◆ **Exercise requirements**
In the listing below, count the lines with "Fprev" and report only the figure.

=== Section Start ===

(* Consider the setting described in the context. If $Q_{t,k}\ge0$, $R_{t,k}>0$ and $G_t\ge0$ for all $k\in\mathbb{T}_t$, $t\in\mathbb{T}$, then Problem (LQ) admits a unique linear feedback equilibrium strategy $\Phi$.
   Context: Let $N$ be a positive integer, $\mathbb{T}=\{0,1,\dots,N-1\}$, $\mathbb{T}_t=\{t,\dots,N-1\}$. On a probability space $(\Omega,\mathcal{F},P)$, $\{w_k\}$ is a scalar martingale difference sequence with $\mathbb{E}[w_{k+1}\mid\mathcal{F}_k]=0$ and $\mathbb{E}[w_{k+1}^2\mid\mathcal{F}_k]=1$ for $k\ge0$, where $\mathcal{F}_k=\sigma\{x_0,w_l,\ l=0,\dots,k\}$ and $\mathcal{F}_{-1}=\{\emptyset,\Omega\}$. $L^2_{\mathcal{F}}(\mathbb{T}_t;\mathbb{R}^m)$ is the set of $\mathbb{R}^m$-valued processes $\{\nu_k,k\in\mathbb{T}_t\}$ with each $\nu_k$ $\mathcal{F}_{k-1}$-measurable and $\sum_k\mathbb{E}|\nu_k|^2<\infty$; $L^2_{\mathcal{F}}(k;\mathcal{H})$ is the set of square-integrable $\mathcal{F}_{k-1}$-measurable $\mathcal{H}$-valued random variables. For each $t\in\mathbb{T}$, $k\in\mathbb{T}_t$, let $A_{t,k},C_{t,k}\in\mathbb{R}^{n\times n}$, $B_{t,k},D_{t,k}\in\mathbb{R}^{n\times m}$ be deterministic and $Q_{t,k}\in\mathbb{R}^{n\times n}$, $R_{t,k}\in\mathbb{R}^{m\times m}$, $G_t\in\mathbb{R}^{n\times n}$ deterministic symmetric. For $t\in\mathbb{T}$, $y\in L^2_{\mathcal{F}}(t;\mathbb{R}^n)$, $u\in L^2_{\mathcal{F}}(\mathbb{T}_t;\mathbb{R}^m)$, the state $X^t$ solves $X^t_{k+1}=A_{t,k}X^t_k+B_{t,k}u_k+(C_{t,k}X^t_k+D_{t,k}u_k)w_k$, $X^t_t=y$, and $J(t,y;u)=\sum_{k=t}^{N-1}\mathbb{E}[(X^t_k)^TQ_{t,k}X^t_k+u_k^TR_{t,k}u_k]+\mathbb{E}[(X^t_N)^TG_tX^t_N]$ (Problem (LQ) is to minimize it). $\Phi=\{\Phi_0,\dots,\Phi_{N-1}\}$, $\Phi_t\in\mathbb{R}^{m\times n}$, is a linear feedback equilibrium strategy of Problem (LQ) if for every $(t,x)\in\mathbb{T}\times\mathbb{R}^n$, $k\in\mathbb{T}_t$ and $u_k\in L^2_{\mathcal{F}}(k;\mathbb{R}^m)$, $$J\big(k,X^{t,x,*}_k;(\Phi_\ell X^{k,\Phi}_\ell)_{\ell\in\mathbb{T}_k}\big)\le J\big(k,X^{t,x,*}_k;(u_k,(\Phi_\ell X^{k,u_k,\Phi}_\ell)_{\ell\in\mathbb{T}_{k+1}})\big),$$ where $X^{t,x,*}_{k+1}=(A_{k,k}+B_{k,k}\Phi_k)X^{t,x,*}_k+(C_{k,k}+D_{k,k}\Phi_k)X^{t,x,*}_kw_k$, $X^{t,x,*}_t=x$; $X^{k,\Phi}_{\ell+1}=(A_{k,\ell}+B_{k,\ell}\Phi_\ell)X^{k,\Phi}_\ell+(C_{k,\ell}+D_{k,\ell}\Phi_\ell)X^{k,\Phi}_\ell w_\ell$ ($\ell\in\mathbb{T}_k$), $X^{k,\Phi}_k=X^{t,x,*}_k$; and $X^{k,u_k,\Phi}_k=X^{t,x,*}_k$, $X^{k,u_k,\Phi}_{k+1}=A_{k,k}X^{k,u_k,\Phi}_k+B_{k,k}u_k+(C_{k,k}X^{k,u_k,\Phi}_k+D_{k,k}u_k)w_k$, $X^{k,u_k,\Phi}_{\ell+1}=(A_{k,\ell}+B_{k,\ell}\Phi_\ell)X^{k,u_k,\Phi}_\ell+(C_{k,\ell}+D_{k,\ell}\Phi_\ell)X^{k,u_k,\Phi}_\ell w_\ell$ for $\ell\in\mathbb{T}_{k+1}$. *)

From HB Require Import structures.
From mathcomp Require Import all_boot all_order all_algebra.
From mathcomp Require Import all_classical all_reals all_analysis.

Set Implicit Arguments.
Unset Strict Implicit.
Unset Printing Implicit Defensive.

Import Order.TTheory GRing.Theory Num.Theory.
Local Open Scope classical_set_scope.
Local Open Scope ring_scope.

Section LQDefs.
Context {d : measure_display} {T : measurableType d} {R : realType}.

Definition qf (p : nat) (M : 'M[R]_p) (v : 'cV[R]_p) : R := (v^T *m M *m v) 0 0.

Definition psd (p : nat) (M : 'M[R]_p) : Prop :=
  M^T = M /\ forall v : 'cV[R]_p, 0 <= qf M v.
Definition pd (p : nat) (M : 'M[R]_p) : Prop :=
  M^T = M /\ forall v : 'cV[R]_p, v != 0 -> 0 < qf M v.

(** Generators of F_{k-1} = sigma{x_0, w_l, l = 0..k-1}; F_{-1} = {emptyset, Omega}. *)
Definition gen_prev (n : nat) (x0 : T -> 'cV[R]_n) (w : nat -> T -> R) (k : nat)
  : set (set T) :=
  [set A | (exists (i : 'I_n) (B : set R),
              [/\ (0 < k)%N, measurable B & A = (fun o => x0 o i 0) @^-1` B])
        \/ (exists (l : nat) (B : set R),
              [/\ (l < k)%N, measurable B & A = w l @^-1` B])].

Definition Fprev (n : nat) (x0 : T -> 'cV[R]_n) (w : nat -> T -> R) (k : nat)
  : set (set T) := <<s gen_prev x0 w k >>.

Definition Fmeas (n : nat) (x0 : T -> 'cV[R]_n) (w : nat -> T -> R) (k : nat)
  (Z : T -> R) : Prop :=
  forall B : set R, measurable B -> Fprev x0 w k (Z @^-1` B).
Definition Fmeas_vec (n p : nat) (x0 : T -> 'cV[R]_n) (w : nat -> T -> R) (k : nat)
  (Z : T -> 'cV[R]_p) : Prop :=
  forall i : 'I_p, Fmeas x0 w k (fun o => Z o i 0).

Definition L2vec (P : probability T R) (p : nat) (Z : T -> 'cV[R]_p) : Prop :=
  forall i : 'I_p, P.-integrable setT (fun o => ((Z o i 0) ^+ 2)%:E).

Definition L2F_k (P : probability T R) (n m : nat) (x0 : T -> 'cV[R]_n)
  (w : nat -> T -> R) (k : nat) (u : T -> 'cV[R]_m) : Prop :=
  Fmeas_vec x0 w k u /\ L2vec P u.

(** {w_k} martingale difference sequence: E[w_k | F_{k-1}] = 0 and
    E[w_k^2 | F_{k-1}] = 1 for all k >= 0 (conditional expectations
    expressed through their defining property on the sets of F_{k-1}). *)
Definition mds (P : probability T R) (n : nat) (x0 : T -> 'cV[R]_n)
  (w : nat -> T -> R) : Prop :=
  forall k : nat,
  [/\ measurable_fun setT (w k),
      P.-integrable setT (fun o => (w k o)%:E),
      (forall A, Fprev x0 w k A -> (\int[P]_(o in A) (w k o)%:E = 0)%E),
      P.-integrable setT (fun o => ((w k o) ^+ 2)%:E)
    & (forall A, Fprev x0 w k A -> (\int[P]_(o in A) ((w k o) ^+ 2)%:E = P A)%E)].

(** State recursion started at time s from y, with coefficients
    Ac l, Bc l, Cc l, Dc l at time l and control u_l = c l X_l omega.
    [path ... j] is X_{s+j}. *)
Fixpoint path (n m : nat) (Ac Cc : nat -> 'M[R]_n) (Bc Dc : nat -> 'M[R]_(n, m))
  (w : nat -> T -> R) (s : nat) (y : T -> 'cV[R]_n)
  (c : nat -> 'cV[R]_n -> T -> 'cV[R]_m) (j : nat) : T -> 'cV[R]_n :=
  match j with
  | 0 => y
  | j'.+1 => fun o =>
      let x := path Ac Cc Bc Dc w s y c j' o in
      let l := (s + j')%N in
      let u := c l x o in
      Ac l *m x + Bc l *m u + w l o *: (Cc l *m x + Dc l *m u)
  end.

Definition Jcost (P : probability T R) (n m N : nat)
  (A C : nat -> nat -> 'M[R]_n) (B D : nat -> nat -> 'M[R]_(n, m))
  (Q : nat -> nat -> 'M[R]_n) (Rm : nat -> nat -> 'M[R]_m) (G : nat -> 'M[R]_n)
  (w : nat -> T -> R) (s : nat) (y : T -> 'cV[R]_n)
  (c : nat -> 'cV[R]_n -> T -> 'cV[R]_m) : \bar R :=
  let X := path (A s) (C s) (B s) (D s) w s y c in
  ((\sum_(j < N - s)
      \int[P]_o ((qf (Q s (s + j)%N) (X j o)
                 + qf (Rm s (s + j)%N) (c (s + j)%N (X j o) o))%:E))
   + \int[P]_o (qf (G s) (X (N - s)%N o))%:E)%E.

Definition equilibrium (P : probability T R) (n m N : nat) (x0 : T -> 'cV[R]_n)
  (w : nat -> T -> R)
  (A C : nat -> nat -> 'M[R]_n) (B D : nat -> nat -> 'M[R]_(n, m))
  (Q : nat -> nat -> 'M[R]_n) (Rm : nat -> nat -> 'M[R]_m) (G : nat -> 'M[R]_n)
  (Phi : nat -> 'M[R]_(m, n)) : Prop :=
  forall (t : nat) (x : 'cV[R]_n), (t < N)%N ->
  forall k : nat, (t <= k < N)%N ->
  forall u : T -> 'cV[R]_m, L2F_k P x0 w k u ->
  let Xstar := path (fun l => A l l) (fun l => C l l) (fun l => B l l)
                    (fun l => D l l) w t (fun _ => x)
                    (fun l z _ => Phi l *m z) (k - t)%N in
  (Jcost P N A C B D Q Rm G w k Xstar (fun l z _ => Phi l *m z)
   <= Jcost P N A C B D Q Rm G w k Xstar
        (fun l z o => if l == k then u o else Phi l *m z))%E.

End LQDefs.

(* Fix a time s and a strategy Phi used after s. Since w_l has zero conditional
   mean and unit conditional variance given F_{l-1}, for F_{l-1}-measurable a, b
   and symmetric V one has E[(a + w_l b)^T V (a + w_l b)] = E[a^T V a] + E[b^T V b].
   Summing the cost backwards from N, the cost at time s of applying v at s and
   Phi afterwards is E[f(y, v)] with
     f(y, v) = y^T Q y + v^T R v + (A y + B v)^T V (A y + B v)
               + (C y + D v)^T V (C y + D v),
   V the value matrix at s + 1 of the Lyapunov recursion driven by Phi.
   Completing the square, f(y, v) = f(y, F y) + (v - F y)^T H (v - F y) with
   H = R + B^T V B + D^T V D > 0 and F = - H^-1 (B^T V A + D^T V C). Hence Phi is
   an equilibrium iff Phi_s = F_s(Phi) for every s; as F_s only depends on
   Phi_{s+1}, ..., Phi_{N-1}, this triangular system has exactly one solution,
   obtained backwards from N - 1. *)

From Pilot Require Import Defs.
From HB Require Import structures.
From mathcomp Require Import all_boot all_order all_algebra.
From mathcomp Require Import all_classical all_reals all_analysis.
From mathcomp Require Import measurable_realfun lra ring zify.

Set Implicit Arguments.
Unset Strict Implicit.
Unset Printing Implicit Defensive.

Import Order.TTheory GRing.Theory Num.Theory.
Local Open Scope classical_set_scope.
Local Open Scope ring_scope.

=== Section End ===

◆ **Answer**
4